Task statement: In the listing below, a line holding "have [p Hp]" and a line holding "by rewrite mem_cat h orbT." mark the range. Retype both exactly, with all lines between them.

Information provided:
(* Let $F=(f_1,\dots,f_n)$ be twice-differentiable objective functions $\mathbb{R}^d\to\mathbb{R}$ with $\mu\mathbf{I}\preceq\nabla^2f_i\preceq L\mathbf{I}$ for all $i$ (where $0<\mu\le L$), and let $R:=\mathrm{diam}(\mathrm{Pareto}(F))$. Then the map $x^*:(\Delta^{n-1},\ell_1)\to(\mathbb{R}^d,\ell_2)$, $x^*(\beta)=\operatorname{argmin}_x\sum_i\beta_if_i(x)$, is $LR/\mu$-Lipschitz.
   Context: $\Delta^{n-1}$ is the simplex of convex weights. A point $x$ is Pareto optimal if for all $x'$, $f_i(x')<f_i(x)$ for some $i$ implies $f_j(x')>f_j(x)$ for some $j$; $\mathrm{Pareto}(F)$ is the set of Pareto optimal points, and $\mathrm{diam}$ is taken in $\ell_2$. *)

From HB Require Import structures.
From mathcomp Require Import all_boot all_order all_algebra.
From mathcomp Require Import all_classical all_reals all_analysis.
Set Implicit Arguments. Unset Strict Implicit. Unset Printing Implicit Defensive.
Import Order.TTheory GRing.Theory Num.Theory.
Import numFieldNormedType.Exports.
Local Open Scope classical_set_scope.
Local Open Scope ring_scope.

Definition l2norm (R : realType) (d : nat) (v : 'rV[R]_d) : R :=
  Num.sqrt (\sum_(i < d) (v ord0 i) ^+ 2).

Definition l1dist (R : realType) (n : nat) (b b' : 'I_n -> R) : R :=
  \sum_(i < n) `|b i - b' i|.

Definition in_simplex (R : realType) (n : nat) (b : 'I_n -> R) : Prop :=
  (forall i, 0 <= b i) /\ \sum_(i < n) b i = 1.

Definition pareto_optimal (R : realType) (d n : nat)
  (F : 'I_n -> 'rV[R]_d -> R) (x : 'rV[R]_d) : Prop :=
  forall x' : 'rV[R]_d, (exists i, F i x' < F i x) -> exists j, F j x < F j x'.

Definition Pareto (R : realType) (d n : nat) (F : 'I_n -> 'rV[R]_d -> R)
  : set 'rV[R]_d := [set x | pareto_optimal F x].

Definition diam2 (R : realType) (d : nat) (A : set 'rV[R]_d) : \bar R :=
  ereal_sup [set (l2norm (x - y))%:E | x in A & y in A].

Definition twice_differentiable (R : realType) (d : nat) (f : 'rV[R]_d -> R) : Prop :=
  (forall x, differentiable f x) /\
  (forall v x, differentiable ('D_v f) x).

(* mu I <= Hessian f(x) <= L I, written via the quadratic form v^T (Hess f x) v,
   which is the second directional derivative 'D_v ('D_v f) x. *)
Definition hessian_bounds (R : realType) (d : nat) (mu L : R)
  (f : 'rV[R]_d -> R) : Prop :=
  forall x v : 'rV[R]_d,
    mu * (l2norm v) ^+ 2 <= 'D_v ('D_v f) x <= L * (l2norm v) ^+ 2.
(* For every probabilistic single-item auction (with $n$ bidders and $m$ types), there exists a mixed signaling scheme maximizing the expected revenue among all mixed signaling schemes that uses at most $m+\min\{\binom{n}{2},\binom{m}{2}\}$ signals.
   Context: A probabilistic single-item auction consists of $n\ge 2$ bidders, $m$ item types, a probability distribution $(p_1,\dots,p_m)$ over types, and nonnegative valuations $v_{i,j}$ (value of bidder $i$ for an item of type $j$). The auctioneer observes the realized type and broadcasts a signal; bidders then participate in a second-price auction, each bidding their expected valuation conditional on the signal. A mixed signaling scheme is a finite set $\mathcal{S}$ of signals and a map $\varphi:[m]\times\mathcal{S}\to[0,1]$ with $\sum_{S\in\mathcal{S}}\varphi(j,S)=1$ for every type $j$. Writing $\psi_{i,j}=p_jv_{i,j}$ and $\mathrm{max2}$ for the second-largest entry of a list (with multiplicity), the expected revenue of $\varphi$ is $\sum_{S\in\mathcal{S}}\mathrm{max2}_i\big\{\sum_j \psi_{i,j}\varphi(j,S)\big\}$. *)

From mathcomp Require Import all_boot all_order all_algebra.
From mathcomp Require Import reals.
Set Implicit Arguments. Unset Strict Implicit. Unset Printing Implicit Defensive.
Import Order.TTheory GRing.Theory Num.Theory.
Local Open Scope ring_scope.
(* For any ideal $\mathcal{I}$ the following are equivalent: (i) $\mathcal{BI}\not\leq_K\mathcal{I}$; (ii) $\mathcal{BI}\not\leq_{KB}\mathcal{I}$; (iii) $\mathcal{BI}\not\sqsubseteq\mathcal{I}$; (iv) for every partition $(X_{(i,j)})_{(i,j)\in\omega^2}$ of $\bigcup\mathcal{I}$ into sets belonging to $\mathcal{I}$ there is $A\notin\mathcal{I}$ such that $A\cap X_{(i,j)}$ is finite for all $(i,j)\in\omega^2$ and $A\cap\bigcup_{j}X_{(i,j)}$ is finite for all but finitely many $i\in\omega$; (v) for every $f:\bigcup\mathcal{I}\to\omega^2$ there is $A\notin\mathcal{I}$ such that $f[A]\in\mathrm{Fin}^2$ and $f|A$ is either constant or finite-to-one.
   Context: An ideal on an infinite countable set $X$ is a family $\mathcal{I}\subseteq\mathcal{P}(X)$ closed under subsets and finite unions, containing all finite subsets, with $X\notin\mathcal{I}$; $\bigcup\mathcal{I}=X$. Partitions may have empty pieces. $\mathrm{Fin}^2$: ideal on $\omega^2$ of all $A$ with only finitely many $n$ such that $\{m:(n,m)\in A\}$ is infinite. $\mathcal{BI}$: ideal on $\omega^3$ of all $A$ for which there is $k$ with $\{(j,l):(i,j,l)\in A\}\in\mathrm{Fin}^2$ for $i<k$ and finite for $i\ge k$. For ideals $\mathcal{I},\mathcal{J}$: $\mathcal{I}\leq_K\mathcal{J}$ if there is a function $f:\bigcup\mathcal{J}\to\bigcup\mathcal{I}$ with $f^{-1}[A]\in\mathcal{J}$ for all $A\in\mathcal{I}$; $\mathcal{I}\leq_{KB}\mathcal{J}$ if such an $f$ can be chosen finite-to-one; $\mathcal{I}\sqsubseteq\mathcal{J}$ if such an $f$ can be chosen bijective. *)

From Stdlib Require Import List Arith.
Import ListNotations.

Definition finite_set {X : Type} (A : X -> Prop) : Prop :=
  exists l : list X, forall x, A x -> In x l.

Definition countably_infinite (X : Type) : Prop :=
  exists e : nat -> X, (forall n m, e n = e m -> n = m) /\ (forall x, exists n, e n = x).

(* An ideal on X (with union X: all finite sets, in particular singletons, belong). *)
Definition is_ideal {X : Type} (I : (X -> Prop) -> Prop) : Prop :=
  (forall A B : X -> Prop, I B -> (forall x, A x -> B x) -> I A) /\
  (forall A B : X -> Prop, I A -> I B -> I (fun x => A x \/ B x)) /\
  (forall A : X -> Prop, finite_set A -> I A) /\
  ~ I (fun _ => True).

Definition Fin2 (A : nat * nat -> Prop) : Prop :=
  finite_set (fun n => ~ finite_set (fun m => A (n, m))).

(* The ideal BI on omega^3 (triples encoded as (i, j, l) = ((i, j), l)). *)
Definition BI (A : nat * nat * nat -> Prop) : Prop :=
  exists k : nat,
    (forall i, i < k -> Fin2 (fun jl => A (i, fst jl, snd jl))) /\
    (forall i, k <= i -> finite_set (fun jl : nat * nat => A (i, fst jl, snd jl))).

Definition katetov_map {X Y : Type} (J : (Y -> Prop) -> Prop) (I : (X -> Prop) -> Prop)
  (f : X -> Y) : Prop :=
  forall A : Y -> Prop, J A -> I (fun x => A (f x)).

Definition finite_to_one {X Y : Type} (f : X -> Y) : Prop :=
  forall y, finite_set (fun x => f x = y).

Definition bijective_map {X Y : Type} (f : X -> Y) : Prop :=
  (forall x x', f x = f x' -> x = x') /\ (forall y, exists x, f x = y).

Definition K_le {X Y : Type} (J : (Y -> Prop) -> Prop) (I : (X -> Prop) -> Prop) : Prop :=
  exists f : X -> Y, katetov_map J I f.

Definition KB_le {X Y : Type} (J : (Y -> Prop) -> Prop) (I : (X -> Prop) -> Prop) : Prop :=
  exists f : X -> Y, finite_to_one f /\ katetov_map J I f.

Definition sqle {X Y : Type} (J : (Y -> Prop) -> Prop) (I : (X -> Prop) -> Prop) : Prop :=
  exists f : X -> Y, bijective_map f /\ katetov_map J I f.
Lemma kGammaB_top_in_span z : kGammaB f c z -> in_span a (z setT).
Proof.
elim=> [j g _ _ Gg gj [y [yk ->]] | | x y _ xa _ ya | b x _ xa].
- rewrite (kwedge_kdiffr_swap f gj); last by apply: kwedge_homog_eq0 gj yk _; lia.
  by rewrite ffunE; apply/in_spanMl/kin_span_wedgel/kdiff_kGamma.
- by rewrite ffunE; apply: in_span0.
- by rewrite ffunE; apply: in_spanD.
- by rewrite ffunE; apply: in_spanMl.
Qed.

Lemma kGammaB_top_gen j : kGammaB f c (kscale (a j) (ktop R r)).
Proof.
(* For [r = 0], [(r - 1).+1 = 1] differs from the degree [r] of [ktop], but then [a j = 0]. *)
have [r0|r_gt0] := posnP r.
  have -> : a j = 0.
    by rewrite Ha big1 // => i; move: (ltn_ord i); rewrite [X in (_ < X)%N]r0.
  by rewrite kscale0; apply: kGammaB_zero.
have zeta_top0 : kwedge (kzeta c j) (ktop R r) = kzero R r.
  by apply: kwedge_homog_eq0 (kzeta_homog c j) ktop_homog _; rewrite add1n.
have := kwedge_kdiffr_swap f (kzeta_homog c j) zeta_top0.
rewrite kdiff_zeta kwedgeZl kwedge1l expr1 opprK kscale1 => <-.
apply: (@kGammaB_gen _ _ f _ c 1) => //.
- exact: kGamma_gen.
- exact: kzeta_homog.
- by exists (ktop R r); rewrite subn1 prednK //; split=> //; exact: ktop_homog.
Qed.

Lemma kGammaB_top_span x : in_span a x -> kGammaB f c (kscale x (ktop R r)).
Proof.
case=> u ->; elim/big_rec: _ => [|j y _ Gy].
  by rewrite kscale0; apply: kGammaB_zero.
have -> : kscale (u j * a j + y) (ktop R r) =
          kadd (kscale (u j) (kscale (a j) (ktop R r))) (kscale y (ktop R r)).
  by apply/ffunP => U; rewrite !ffunE mulrDl mulrA.
by apply: kGammaB_add => //; apply/kGammaB_scale/kGammaB_top_gen.
Qed.
Lemma size_binders_alpha n (w w' : Fn ar n) :
  amap ar n w = amap ar n w' -> size (binders w) = size (binders w').
Proof.
elim: n w w' => [|n IH] // [a|[op h]] [a'|[op' h']] //= E0.
have Eop : op = op' by case: E0.
subst op'; have {E0}E := inr_existT_inj E0.
have sizes i :
    size (val (h i).1 ++ binders (h i).2) = size (val (h' i).1 ++ binders (h' i).2).
  rewrite !size_cat !size_tuple; congr addn.
  have [p Hp] := qn_swaps (nominal_Fan ar n) (congr1 (fun g => g i) E).
  rewrite -(size_binders_swaps _ p); apply: IH.
  by rewrite Hp swaps_equivariant //; apply: equivariant_amap.
by rewrite !size_flatten /shape -!map_comp; congr sumn; apply: eq_map.
Qed.

Lemma supp_size_le n (w : Fn ar n) k :
  supp_size w k -> k <= size (supp_seq (amap ar n w) ++ binders w).
Proof.
case=> l [ul Hl <-]; apply: uniq_leq_size => // a /Hl /in_supp_raw [h|h].
  by rewrite mem_cat; apply/orP; left; apply/(mem_supp_seq (nominal_Fan ar n)).
by rewrite mem_cat h orbT.
Qed.

Lemma fresh_binders_supp_size n (w : Fn ar n) :
  fresh_binders w -> supp_size w (size (supp_seq (amap ar n w) ++ binders w)).
Proof.
have HFa := nominal_Fan ar n.
case=> ub Hb; exists (supp_seq (amap ar n w) ++ binders w); split => //.
- rewrite cat_uniq ub supp_seq_uniq // andbT.
  by apply/hasPn => a /Hb h; apply/negP => /(mem_supp_seq HFa).
- move=> a; rewrite mem_cat in_supp_raw; split.
    by case/orP => [/(mem_supp_seq HFa)|]; [left|right].
  by case=> [/(mem_supp_seq HFa) ->|->]; rewrite ?orbT.
Qed.

Lemma supp_size_fresh_binders n (w : Fn ar n) :
  supp_size w (size (supp_seq (amap ar n w) ++ binders w)) -> fresh_binders w.
Proof.
have HFa := nominal_Fan ar n.
case=> l [ul Hl Hsz].
have : uniq (supp_seq (amap ar n w) ++ binders w).
  apply: (leq_size_uniq ul); last by rewrite Hsz.
  move=> a /Hl /in_supp_raw [h|h]; rewrite mem_cat; apply/orP; last by right.
  by left; apply/(mem_supp_seq HFa).
rewrite cat_uniq => /and3P [_ /hasPn Hn ub]; split => // a ab Ha.
by move/negP: (Hn a ab); apply; apply/(mem_supp_seq HFa).
Qed.

Lemma fresh_binders_inr n op
    (h : forall i : 'I_(size (ar op)), ((nth 0 (ar op) i).-tuple nat * Fn ar n)%type) :
  fresh_binders (inr (existT _ op h) : Fn ar n.+1) <->
  [/\ forall i, uniq (val (h i).1 ++ binders (h i).2),
      forall i j a, i != j -> a \in val (h i).1 ++ binders (h i).2 ->
                    a \notin val (h j).1 ++ binders (h j).2 &
      forall i a, a \in val (h i).1 ++ binders (h i).2 ->
                  ~ in_supp (amap ar n.+1 (inr (existT _ op h))) a].
Proof.
rewrite /fresh_binders [binders _]/= uniq_flatten_enum; split.
- case=> [[Hu Hd] Hs]; split => // i a ai.
  by apply: Hs; apply/mem_flatten_enum; exists i.
- case=> Hu Hd Hs; split => // a /mem_flatten_enum [i]; exact: Hs.
Qed.

Definition refreshable n : Prop :=
  forall (u : Fn ar n) (L : seq nat), exists w : Fn ar n,
    [/\ amap ar n w = amap ar n u, fresh_binders w &
        forall a, a \in binders w -> a \notin L].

Exercise answer:
  have [p Hp] := qn_swaps (nominal_Fan ar n) (congr1 (fun g => g i) E).
  rewrite -(size_binders_swaps _ p); apply: IH.
  by rewrite Hp swaps_equivariant //; apply: equivariant_amap.
by rewrite !size_flatten /shape -!map_comp; congr sumn; apply: eq_map.
Qed.

Lemma supp_size_le n (w : Fn ar n) k :
  supp_size w k -> k <= size (supp_seq (amap ar n w) ++ binders w).
Proof.
case=> l [ul Hl <-]; apply: uniq_leq_size => // a /Hl /in_supp_raw [h|h].
  by rewrite mem_cat; apply/orP; left; apply/(mem_supp_seq (nominal_Fan ar n)).
by rewrite mem_cat h orbT.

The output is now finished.